Lemma banach_alg_isomorphic_trans I1 I2 I3 :
  banach_alg_isomorphic I1 I2 -> banach_alg_isomorphic I2 I3 ->
  banach_alg_isomorphic I1 I3.
Proof.
move=> [P1 [Q1 [PI1 [QI1 [QP1 [PQ1 [PD1 [PZ1 [PM1 [[C1 PC1] [D1 QC1]]]]]]]]]]].
move=> [P2 [Q2 [PI2 [QI2 [QP2 [PQ2 [PD2 [PZ2 [PM2 [[C2 PC2] [D2 QC2]]]]]]]]]]].
exists (P2 \o P1), (Q1 \o Q2).
split; first by move=> S /PI1/PI2.
split; first by move=> T /QI2/QI1.
split; first by move=> S IS /=; rewrite QP2 ?QP1 //; exact: PI1.
split; first by move=> T IT /=; rewrite PQ1 ?PQ2 //; exact: QI2.
split.
  move=> S T U IS IT IU UST.
  by apply: (PD2 _ _ _ _ _ _ (PD1 _ _ _ IS IT IU UST)); apply: PI1.
split.
  by move=> a S U IS IU US; apply: (PZ2 _ _ _ _ _ (PZ1 _ _ _ IS IU US)); apply: PI1.
split; first by move=> S T IS IT /=; rewrite PM1 // PM2 //; apply: PI1.
split.
  exists (C2 * C1) => S c IS Sc /=.
  by rewrite -mulrA; apply: PC2; [apply: PI1 | apply: PC1].
exists (D1 * D2) => T c IT Tc /=.
by rewrite -mulrA; apply: QC1; [apply: QI2 | apply: QC2].
Qed.

Lemma banach_alg_isomorphic_chain (I : nat -> set (zop X Y p)) :
  (forall n, (0 < n)%N ->
     banach_alg_isomorphic (I n.+1) (I n) /\ banach_alg_isomorphic (I n) (I n.+1)) ->
  forall r s, (0 < r)%N -> (0 < s)%N -> banach_alg_isomorphic (I r) (I s).
Proof.
move=> step.
have to1 n :
    banach_alg_isomorphic (I n.+1) (I 1%N) /\ banach_alg_isomorphic (I 1%N) (I n.+1).
  elim: n => [|n [n_1 one_n]]; first by split; exact: banach_alg_isomorphic_refl.
  have [Sn_n n_Sn] := step n.+1 isT.
  split; first exact: banach_alg_isomorphic_trans Sn_n n_1.
  exact: banach_alg_isomorphic_trans one_n n_Sn.
by move=> [|r] [|s] // _ _; exact: banach_alg_isomorphic_trans (to1 r).1 (to1 s).2.
Qed.

End IsomorphismChain.

Theorem lemma2p3 (R : realType) (p : R) (X Y : completeNormedModType R) :
  1 < p ->
  approx_prop X ->
  (forall T : X -> Y, in_A T -> in_K T) ->
  (exists T : X -> Y, in_K T /\ ~ in_A T) ->
  (exists (V : X -> (X * X)%type) (W : (X * X)%type -> X),
      is_linear V /\ continuous V /\ continuous W /\ cancel V W /\ cancel W V) ->
  forall r s : nat, (0 < r)%N -> (0 < s)%N ->
    banach_alg_isomorphic (p := p)
      (in_I (X := X) (Y := Y) (p := p) [set k | (1 <= k <= r)%N])
      (in_I (X := X) (Y := Y) (p := p) [set k | (1 <= k <= s)%N]) /\
    banach_alg_isomorphic (p := p)
      (in_I (X := X) (Y := Y) (p := p) [set k | (r < k)%N])
      (in_I (X := X) (Y := Y) (p := p) [set k | (s < k)%N]).
Proof.
move=> p_gt1 _ _ _ [V [W [V_linear [V_cont [W_cont [VK WK]]]]]] r s r_gt0 s_gt0.
have merged_iso := merged12_isomorphic Y V_linear V_cont W_cont VK WK p_gt1.
split.
- apply: (banach_alg_isomorphic_chain
    (I := fun n => in_I (X := X) (Y := Y) (p := p) [set k | (1 <= k <= n)%N])) => // n n_gt0.
  by apply: merged_iso; split=> [||||k] /=; lia.
- apply: (banach_alg_isomorphic_chain
    (I := fun n => in_I (X := X) (Y := Y) (p := p) [set k | (n < k)%N])) => // n n_gt0.
  by apply: merged_iso; split=> [||||k] /=; lia.
Qed.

◆ ◆ ◆ ◆ ◆ ◆ ◆

Set down, unchanged, only those lines above that fall between the line with "move=> step." and the line with "k)%N])) => // n n_gt0.", the two end lines included.

move=> step.
have to1 n :
    banach_alg_isomorphic (I n.+1) (I 1%N) /\ banach_alg_isomorphic (I 1%N) (I n.+1).
  elim: n => [|n [n_1 one_n]]; first by split; exact: banach_alg_isomorphic_refl.
  have [Sn_n n_Sn] := step n.+1 isT.
  split; first exact: banach_alg_isomorphic_trans Sn_n n_1.
  exact: banach_alg_isomorphic_trans one_n n_Sn.
by move=> [|r] [|s] // _ _; exact: banach_alg_isomorphic_trans (to1 r).1 (to1 s).2.
Qed.

End IsomorphismChain.

Theorem lemma2p3 (R : realType) (p : R) (X Y : completeNormedModType R) :
  1 < p ->
  approx_prop X ->
  (forall T : X -> Y, in_A T -> in_K T) ->
  (exists T : X -> Y, in_K T /\ ~ in_A T) ->
  (exists (V : X -> (X * X)%type) (W : (X * X)%type -> X),
      is_linear V /\ continuous V /\ continuous W /\ cancel V W /\ cancel W V) ->
  forall r s : nat, (0 < r)%N -> (0 < s)%N ->
    banach_alg_isomorphic (p := p)
      (in_I (X := X) (Y := Y) (p := p) [set k | (1 <= k <= r)%N])
      (in_I (X := X) (Y := Y) (p := p) [set k | (1 <= k <= s)%N]) /\
    banach_alg_isomorphic (p := p)
      (in_I (X := X) (Y := Y) (p := p) [set k | (r < k)%N])
      (in_I (X := X) (Y := Y) (p := p) [set k | (s < k)%N]).
Proof.
move=> p_gt1 _ _ _ [V [W [V_linear [V_cont [W_cont [VK WK]]]]]] r s r_gt0 s_gt0.
have merged_iso := merged12_isomorphic Y V_linear V_cont W_cont VK WK p_gt1.
split.
- apply: (banach_alg_isomorphic_chain
    (I := fun n => in_I (X := X) (Y := Y) (p := p) [set k | (1 <= k <= n)%N])) => // n n_gt0.
  by apply: merged_iso; split=> [||||k] /=; lia.
- apply: (banach_alg_isomorphic_chain
    (I := fun n => in_I (X := X) (Y := Y) (p := p) [set k | (n < k)%N])) => // n n_gt0.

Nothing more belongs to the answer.